The only fishing knots you need

Knots on a jetty post
ic courtesy of Judith Doyle

It was actually casting that got me thinking about fly fishing knots. I’d mentioned Italian casting to an angler with whom I worked in my days at Trout Fisherman.

Big mistake.

“What do I want to know about Italian casting for?” he argued, blue touch-paper well and truly lit. “I only know four casts and I’ve probably caught more fish than most casting instructors put together. You can ram your Italian casts right up your Jackson…”

It was that moment of empathy that came to mind when I considered the subject of fishing knots. There might be a wealth of knotty information out there but if all it does is stir bad memories of Boy Scouts and Girl Guides, you might be of the same resistant mind as my Italophobic fishing partner.

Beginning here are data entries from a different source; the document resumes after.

Lemma modd_series_mul_denom M :
  eqmod 'X^M (modd_series M * \prod_(i < M | odd i) (1 + 'X^(2 * i)))
    (\prod_(i < M | odd i) (1 + zC * 'X^i + 'X^(2 * i))).
Proof.
rewrite /modd_series [X in _ * X]big_mkcond [X in eqmod _ _ X]big_mkcond -big_split /=.
apply: eqmod_prod => i _; case: ifP => odd_i; last first.
  by rewrite add0r mul1r; apply: eqmod_refl.
have := eqmod_rmorph (map_poly polyC) (ps_trunc_factor0 M (odd_gt0 odd_i)).
rewrite rmorphM rmorphD /= rmorph1 !map_polyXn => e.
have -> : 1 + zC * 'X^i + 'X^(2 * i) = zC * 'X^i + (1 + 'X^(2 * i)) by ring.
rewrite mulrDl mul1r -mulrA; apply: eqmodD (eqmod_refl _ _).
exact: eqmodMl.
Qed.

Lemma theta_odd_eqmod M K : (2 * M <= K)%N ->
  eqmod 'X^M (\prod_(i < M | odd i) (1 + 'X^(2 * i)) * euler 'X^2 M)
    (1 + theta_tail K *+ 2).
Proof.
move=> le_2MK.
have odd_prod : eqmod 'X^M (\prod_(i < M | odd i) (1 + 'X^(2 * i)))
                  (\prod_(k < M) (1 + ('X^2) ^+ (2 * k).+1) : {poly {poly int}}).
  under [X in eqmod _ _ X]eq_bigr do rewrite -exprM.
  apply: (eqmod_prod_odd (F := fun i => 1 + 'X^(2 * i))) => [|i le_Mi].
    by rewrite -divn2 leq_div.
  by rewrite -['X^(2 * i)]mul1r; apply: eqmod_addX; lia.
have eo := euler_odd_eqmod ('X^2 : {poly {poly int}}) M.
have X4 : ('X^2) ^+ 2 = 'X^4 :> {poly {poly int}} by rewrite -exprM.
rewrite -[_ ^+ M]exprM X4 in eo.
have th := theta_eqmod ('X^4 : {poly {poly int}}) le_2MK.
rewrite -[_ ^+ M]exprM in th.
apply: eqmod_trans (eqmodMr _ odd_prod) _.
apply: eqmod_trans (eqmod_expW (N := 2 * M) _ eo) _; first by rewrite leq_pmull.
by apply: (eqmod_expW (N := 4 * M)) th; rewrite leq_pmull.
Qed.

Lemma modd_series_theta M K : (2 * M <= K)%N ->
  eqmod 'X^M (modd_series M * (1 + theta_tail K *+ 2)) (cheb_theta K).
Proof.
move=> le_2MK.
have cheb_rec j :
    zC * (cheb_int 'X j)%:P = (cheb_int 'X (j + 1))%:P + (cheb_int 'X (j - 1))%:P.
  by rewrite -polyCM -polyCD cheb_int_rec.
have jt := @jacobi_triple_eqmod _ 'X _ _ cheb_rec M K le_2MK.
rewrite cheb_int0 polyC1 mulr1 in jt.
apply: eqmod_trans (eqmodMl _ (eqmod_sym (theta_odd_eqmod le_2MK))) _.
rewrite mulrA; apply: eqmod_trans (eqmodMr _ (modd_series_mul_denom M)) _.
apply: eqmod_trans jt; apply: eqmodMr.
apply: eqmod_trans
  (eqmod_prod_odd (F := fun i => 1 + zC * 'X^i + 'X^(2 * i)) (n := K) _ _) _.
- by rewrite -divn2 (leq_trans (leq_div _ _)) // (leq_trans _ le_2MK) // leq_pmull.
- move=> i le_Mi; rewrite -['X^(2 * i)]mul1r.
  apply: eqmod_trans (_ : eqmod _ _ (1 + zC * 'X^i)) _; apply: eqmod_addX => //.
  by apply: leq_trans le_Mi _; rewrite leq_pmull.
rewrite (eq_bigr (fun k : 'I_K => 1 + zC * 'X ^+ (2 * k + 1) + 'X ^+ (4 * k + 2))).
  exact: eqmod_refl.
by move=> k _; rewrite addn1; congr (_ + _ ^+ _); lia.
Qed.

Lemma cheb_theta_sq K a : (cheb_theta K)`_a != 0 -> exists m, a = (m ^ 2)%N.
Proof.
have [i /eqP -> _|none] := pickP (fun i : 'I_(2 * K).+1 => a == (`|i - K| ^ 2)%N).
  by exists `|i - K|%N.
rewrite /cheb_theta coef_sum big1 ?eqxx // => i _.
by rewrite coefCM coefXn none mulr0.
Qed.

Lemma theta_tail_sq K b :
  (theta_tail K)`_b != 0 -> exists2 s, (0 < s)%N & b = (4 * s ^ 2)%N.
Proof.
have [j /eqP -> _|none] := pickP (fun j : 'I_K => b == (4 * j.+1 ^ 2)%N).
  by exists j.+1.
rewrite /theta_tail coef_sum big1 ?eqxx // => j _.
rewrite -signr_odd -exprM; case: odd; rewrite ?expr1 ?expr0 ?mulN1r ?mul1r ?coefN coefXn none.
  by rewrite oppr0.
by [].
Qed.

Theorem mainTheorem15 (J N r : nat) :
  r \in [:: 21%N; 33%N] ->
  (4 %| m_odd 0 (2 * J + 1)%N (36 * N + r)%N)%Z.
Proof.
move=> r_in; set n := (36 * N + r)%N; rewrite m_odd_coef.
have [c ->] := coef_mul4_theta (ltnSn n) (modd_series_theta (leqnn (2 * n.+1)))
  (@cheb_theta_sq _) (@theta_tail_sq _) (fun m s => @sq_add_4sq_neq N r m s r_in).
by apply/dvdzP; exists c`_(2 * J + 1); rewrite coefMn mulr_natr.
Qed.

So let’s forget the frills. If you just want to know the strongest and easiest knot for each connector in the tackle set-up, this is for you.

BACKING TO ARBOUR

Strongest – 100 Percent Arbor Knot“provides for a method of attaching the backing line to a fly reel that delivers 100% line strength (one hundred per cent of the rated breaking strength of the backing line)”

EasiestArbor Knot“The goal here really isn’t in thinking that a knot is going to hold if a fish has taken all the line down to the end your reel spool, but to have something strong enough to hold in the event you lose a rod and reel overboard and have to pull it up by the line.”

BACKING TO FLY LINE

Strongest & Easiest Albright Knot“only moderately easy to tie but it is suitable for joining different types of fishing line”. If your fly line has a loop at the back end, connect braid to loop with a Surgeon’s Loop Knot)

FLY LINE TO LEADER

Strongest – Needle Knot“more streamlined and reliable than tying a Nail Knot”

Easiest – Gray’s Loop Quick & Easy version (scroll down at link) – “I have found this to be a generally secure and reliable fly fishing knot, if not quite as neat as the needle knotted version. This simplified loop can be tied quickly on the riverbank if need be.” [Author’s note: yours truly has also found the equally easy Albright Knot (see above) to be applicable in this context, although as none of his research has found it being endorsed as a line-to-leader knot, it could be that I’ve just been lucky…]

LEADER TO TIPPET

Strongest – Orvis Tippet Knot – “very strong and quite easy to tie…most fly fisherman find that it is easier to construct than the tried-and-true Blood Knot.”

Easiest – Surgeon’s Knot – “…one of the best and easiest to tie knots for joining lines of equal or unequal diameters. In low light conditions or with cold hands or when time is of the essence…When properly tied, the Surgeon’s Knot approaches 100-percent line strength.”

DROPPER KNOT

Strongest & Easiest Dropper Loop Knot“…the best dropper loop knot is simple, easy, and incorporates just four steps. This fishing knot is also one of the most reliable loop knots, with dropper loop knot strength closer to 100% if comparing with a dropper loop alternative.”

HOOK KNOT (loop for when a loop is needed to allow fly extra movement; snug-fit for when no loop is required)

SNUG FIT

Strongest – Palomar Knot – At its best with braids but also works well with monofilament and fluorocarbon

Easiest – Davy or Double Davy Knot“[the Davy] is an excellent small profile knot for very small flies (size 22 to about size 18). We recommend moving up to the Double Davy when tying on flies starting around size 16 and up as it adds extra strength and seems to be more reliable.”

LOOP

Strongest – Rapala Loop Knot“a non-slip loop knot that can be tied directly to the lure allowing it to move naturally and freely. It is extensively used in fly fishing.”

Easiest – Surgeon End Loop“The popularity of the Surgeon’s End Loop lies in its simplicity as well as its strength. Two overhand knots with doubled line and you’re done!”